Activity:
Every entry is to be printed again precisely as given.

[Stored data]

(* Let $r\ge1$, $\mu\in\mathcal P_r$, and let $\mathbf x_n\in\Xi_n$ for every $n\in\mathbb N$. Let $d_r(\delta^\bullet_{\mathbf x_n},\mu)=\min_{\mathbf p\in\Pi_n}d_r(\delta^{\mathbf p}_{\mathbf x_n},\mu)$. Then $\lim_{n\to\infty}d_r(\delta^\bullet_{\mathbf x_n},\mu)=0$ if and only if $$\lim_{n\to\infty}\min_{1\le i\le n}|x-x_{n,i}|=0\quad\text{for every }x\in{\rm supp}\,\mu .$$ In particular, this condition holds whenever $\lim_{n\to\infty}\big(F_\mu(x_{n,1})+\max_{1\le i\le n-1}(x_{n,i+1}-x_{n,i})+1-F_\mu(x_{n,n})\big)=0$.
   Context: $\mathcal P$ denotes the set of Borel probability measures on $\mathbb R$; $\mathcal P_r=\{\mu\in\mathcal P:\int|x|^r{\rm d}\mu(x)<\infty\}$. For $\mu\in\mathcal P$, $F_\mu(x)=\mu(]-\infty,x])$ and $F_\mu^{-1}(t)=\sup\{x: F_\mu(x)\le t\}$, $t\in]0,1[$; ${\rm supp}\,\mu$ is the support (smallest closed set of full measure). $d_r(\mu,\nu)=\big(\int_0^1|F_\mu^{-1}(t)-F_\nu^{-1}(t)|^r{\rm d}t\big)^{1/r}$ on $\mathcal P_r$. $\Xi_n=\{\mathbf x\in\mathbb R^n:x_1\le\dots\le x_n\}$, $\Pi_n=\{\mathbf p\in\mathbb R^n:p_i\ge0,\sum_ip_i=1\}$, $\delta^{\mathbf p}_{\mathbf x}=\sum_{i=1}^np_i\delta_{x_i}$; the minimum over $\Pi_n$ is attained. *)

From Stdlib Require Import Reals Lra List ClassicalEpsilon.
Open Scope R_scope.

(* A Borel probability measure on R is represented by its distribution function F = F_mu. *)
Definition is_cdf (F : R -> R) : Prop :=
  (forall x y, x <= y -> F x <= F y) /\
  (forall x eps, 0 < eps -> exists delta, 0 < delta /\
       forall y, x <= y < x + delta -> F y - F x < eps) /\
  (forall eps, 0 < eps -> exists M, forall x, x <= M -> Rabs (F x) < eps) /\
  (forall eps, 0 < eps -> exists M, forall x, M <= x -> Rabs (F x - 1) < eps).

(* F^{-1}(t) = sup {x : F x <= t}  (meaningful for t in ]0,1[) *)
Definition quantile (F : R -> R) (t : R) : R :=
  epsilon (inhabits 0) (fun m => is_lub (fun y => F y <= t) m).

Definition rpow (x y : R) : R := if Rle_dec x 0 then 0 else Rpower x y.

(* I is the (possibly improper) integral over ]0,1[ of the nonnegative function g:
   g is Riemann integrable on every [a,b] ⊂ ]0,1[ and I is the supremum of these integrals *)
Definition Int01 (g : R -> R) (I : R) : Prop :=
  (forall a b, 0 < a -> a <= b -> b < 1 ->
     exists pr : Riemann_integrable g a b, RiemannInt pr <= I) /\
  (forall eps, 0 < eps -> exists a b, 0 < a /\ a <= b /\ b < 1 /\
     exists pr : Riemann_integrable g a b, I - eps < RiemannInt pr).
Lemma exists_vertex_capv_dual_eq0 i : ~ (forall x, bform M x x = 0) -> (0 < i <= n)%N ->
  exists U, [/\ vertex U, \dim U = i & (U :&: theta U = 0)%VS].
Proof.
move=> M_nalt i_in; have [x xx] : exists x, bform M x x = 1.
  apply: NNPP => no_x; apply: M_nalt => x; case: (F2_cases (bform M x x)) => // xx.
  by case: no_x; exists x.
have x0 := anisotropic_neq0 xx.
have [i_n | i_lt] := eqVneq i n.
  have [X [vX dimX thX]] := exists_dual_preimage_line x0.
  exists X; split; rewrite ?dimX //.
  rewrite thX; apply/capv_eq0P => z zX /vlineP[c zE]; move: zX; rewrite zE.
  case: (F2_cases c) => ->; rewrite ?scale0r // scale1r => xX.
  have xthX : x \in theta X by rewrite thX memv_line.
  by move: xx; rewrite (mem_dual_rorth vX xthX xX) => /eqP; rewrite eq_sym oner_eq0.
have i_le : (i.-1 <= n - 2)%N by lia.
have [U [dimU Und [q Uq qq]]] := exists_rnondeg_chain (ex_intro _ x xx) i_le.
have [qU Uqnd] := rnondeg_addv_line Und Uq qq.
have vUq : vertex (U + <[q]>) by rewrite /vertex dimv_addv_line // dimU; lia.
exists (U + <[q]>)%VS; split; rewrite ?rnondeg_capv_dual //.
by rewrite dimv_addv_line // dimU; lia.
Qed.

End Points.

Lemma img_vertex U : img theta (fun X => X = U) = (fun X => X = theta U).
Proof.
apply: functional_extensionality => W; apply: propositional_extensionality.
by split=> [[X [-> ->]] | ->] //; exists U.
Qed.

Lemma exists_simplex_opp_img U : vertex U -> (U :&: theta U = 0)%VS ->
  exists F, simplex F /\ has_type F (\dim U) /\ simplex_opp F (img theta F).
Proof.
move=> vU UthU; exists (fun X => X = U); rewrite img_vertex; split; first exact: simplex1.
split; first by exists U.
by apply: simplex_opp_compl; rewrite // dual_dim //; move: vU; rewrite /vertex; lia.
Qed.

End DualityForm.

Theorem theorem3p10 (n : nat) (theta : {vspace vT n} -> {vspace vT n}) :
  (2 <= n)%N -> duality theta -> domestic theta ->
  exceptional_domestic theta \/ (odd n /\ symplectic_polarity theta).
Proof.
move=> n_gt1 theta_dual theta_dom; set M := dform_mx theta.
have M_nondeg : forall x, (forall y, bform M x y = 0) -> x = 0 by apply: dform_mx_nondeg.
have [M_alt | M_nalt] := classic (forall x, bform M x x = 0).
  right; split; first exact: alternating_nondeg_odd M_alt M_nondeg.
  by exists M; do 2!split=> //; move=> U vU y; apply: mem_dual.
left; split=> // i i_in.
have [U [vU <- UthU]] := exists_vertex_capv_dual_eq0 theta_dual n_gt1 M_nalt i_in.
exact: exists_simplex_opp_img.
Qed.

Exercise answer:
(* Let $r\ge1$, $\mu\in\mathcal P_r$, and let $\mathbf x_n\in\Xi_n$ for every $n\in\mathbb N$. Let $d_r(\delta^\bullet_{\mathbf x_n},\mu)=\min_{\mathbf p\in\Pi_n}d_r(\delta^{\mathbf p}_{\mathbf x_n},\mu)$. Then $\lim_{n\to\infty}d_r(\delta^\bullet_{\mathbf x_n},\mu)=0$ if and only if $$\lim_{n\to\infty}\min_{1\le i\le n}|x-x_{n,i}|=0\quad\text{for every }x\in{\rm supp}\,\mu .$$ In particular, this condition holds whenever $\lim_{n\to\infty}\big(F_\mu(x_{n,1})+\max_{1\le i\le n-1}(x_{n,i+1}-x_{n,i})+1-F_\mu(x_{n,n})\big)=0$.
   Context: $\mathcal P$ denotes the set of Borel probability measures on $\mathbb R$; $\mathcal P_r=\{\mu\in\mathcal P:\int|x|^r{\rm d}\mu(x)<\infty\}$. For $\mu\in\mathcal P$, $F_\mu(x)=\mu(]-\infty,x])$ and $F_\mu^{-1}(t)=\sup\{x: F_\mu(x)\le t\}$, $t\in]0,1[$; ${\rm supp}\,\mu$ is the support (smallest closed set of full measure). $d_r(\mu,\nu)=\big(\int_0^1|F_\mu^{-1}(t)-F_\nu^{-1}(t)|^r{\rm d}t\big)^{1/r}$ on $\mathcal P_r$. $\Xi_n=\{\mathbf x\in\mathbb R^n:x_1\le\dots\le x_n\}$, $\Pi_n=\{\mathbf p\in\mathbb R^n:p_i\ge0,\sum_ip_i=1\}$, $\delta^{\mathbf p}_{\mathbf x}=\sum_{i=1}^np_i\delta_{x_i}$; the minimum over $\Pi_n$ is attained. *)

From Stdlib Require Import Reals Lra List ClassicalEpsilon.
Open Scope R_scope.

(* A Borel probability measure on R is represented by its distribution function F = F_mu. *)
Definition is_cdf (F : R -> R) : Prop :=
  (forall x y, x <= y -> F x <= F y) /\
  (forall x eps, 0 < eps -> exists delta, 0 < delta /\
       forall y, x <= y < x + delta -> F y - F x < eps) /\
  (forall eps, 0 < eps -> exists M, forall x, x <= M -> Rabs (F x) < eps) /\
  (forall eps, 0 < eps -> exists M, forall x, M <= x -> Rabs (F x - 1) < eps).

(* F^{-1}(t) = sup {x : F x <= t}  (meaningful for t in ]0,1[) *)
Definition quantile (F : R -> R) (t : R) : R :=
  epsilon (inhabits 0) (fun m => is_lub (fun y => F y <= t) m).

Definition rpow (x y : R) : R := if Rle_dec x 0 then 0 else Rpower x y.

(* I is the (possibly improper) integral over ]0,1[ of the nonnegative function g:
   g is Riemann integrable on every [a,b] ⊂ ]0,1[ and I is the supremum of these integrals *)
Definition Int01 (g : R -> R) (I : R) : Prop :=
  (forall a b, 0 < a -> a <= b -> b < 1 ->
     exists pr : Riemann_integrable g a b, RiemannInt pr <= I) /\
  (forall eps, 0 < eps -> exists a b, 0 < a /\ a <= b /\ b < 1 /\
     exists pr : Riemann_integrable g a b, I - eps < RiemannInt pr).
Lemma exists_vertex_capv_dual_eq0 i : ~ (forall x, bform M x x = 0) -> (0 < i <= n)%N ->
  exists U, [/\ vertex U, \dim U = i & (U :&: theta U = 0)%VS].
Proof.
move=> M_nalt i_in; have [x xx] : exists x, bform M x x = 1.
  apply: NNPP => no_x; apply: M_nalt => x; case: (F2_cases (bform M x x)) => // xx.
  by case: no_x; exists x.
have x0 := anisotropic_neq0 xx.
have [i_n | i_lt] := eqVneq i n.
  have [X [vX dimX thX]] := exists_dual_preimage_line x0.
  exists X; split; rewrite ?dimX //.
  rewrite thX; apply/capv_eq0P => z zX /vlineP[c zE]; move: zX; rewrite zE.
  case: (F2_cases c) => ->; rewrite ?scale0r // scale1r => xX.
  have xthX : x \in theta X by rewrite thX memv_line.
  by move: xx; rewrite (mem_dual_rorth vX xthX xX) => /eqP; rewrite eq_sym oner_eq0.
have i_le : (i.-1 <= n - 2)%N by lia.
have [U [dimU Und [q Uq qq]]] := exists_rnondeg_chain (ex_intro _ x xx) i_le.
have [qU Uqnd] := rnondeg_addv_line Und Uq qq.
have vUq : vertex (U + <[q]>) by rewrite /vertex dimv_addv_line // dimU; lia.
exists (U + <[q]>)%VS; split; rewrite ?rnondeg_capv_dual //.
by rewrite dimv_addv_line // dimU; lia.
Qed.

End Points.

Lemma img_vertex U : img theta (fun X => X = U) = (fun X => X = theta U).
Proof.
apply: functional_extensionality => W; apply: propositional_extensionality.
by split=> [[X [-> ->]] | ->] //; exists U.
Qed.

Lemma exists_simplex_opp_img U : vertex U -> (U :&: theta U = 0)%VS ->
  exists F, simplex F /\ has_type F (\dim U) /\ simplex_opp F (img theta F).
Proof.
move=> vU UthU; exists (fun X => X = U); rewrite img_vertex; split; first exact: simplex1.
split; first by exists U.
by apply: simplex_opp_compl; rewrite // dual_dim //; move: vU; rewrite /vertex; lia.
Qed.

End DualityForm.

Theorem theorem3p10 (n : nat) (theta : {vspace vT n} -> {vspace vT n}) :
  (2 <= n)%N -> duality theta -> domestic theta ->
  exceptional_domestic theta \/ (odd n /\ symplectic_polarity theta).
Proof.
move=> n_gt1 theta_dual theta_dom; set M := dform_mx theta.
have M_nondeg : forall x, (forall y, bform M x y = 0) -> x = 0 by apply: dform_mx_nondeg.
have [M_alt | M_nalt] := classic (forall x, bform M x x = 0).
  right; split; first exact: alternating_nondeg_odd M_alt M_nondeg.
  by exists M; do 2!split=> //; move=> U vU y; apply: mem_dual.
left; split=> // i i_in.
have [U [vU <- UthU]] := exists_vertex_capv_dual_eq0 theta_dual n_gt1 M_nalt i_in.
exact: exists_simplex_opp_img.
Qed.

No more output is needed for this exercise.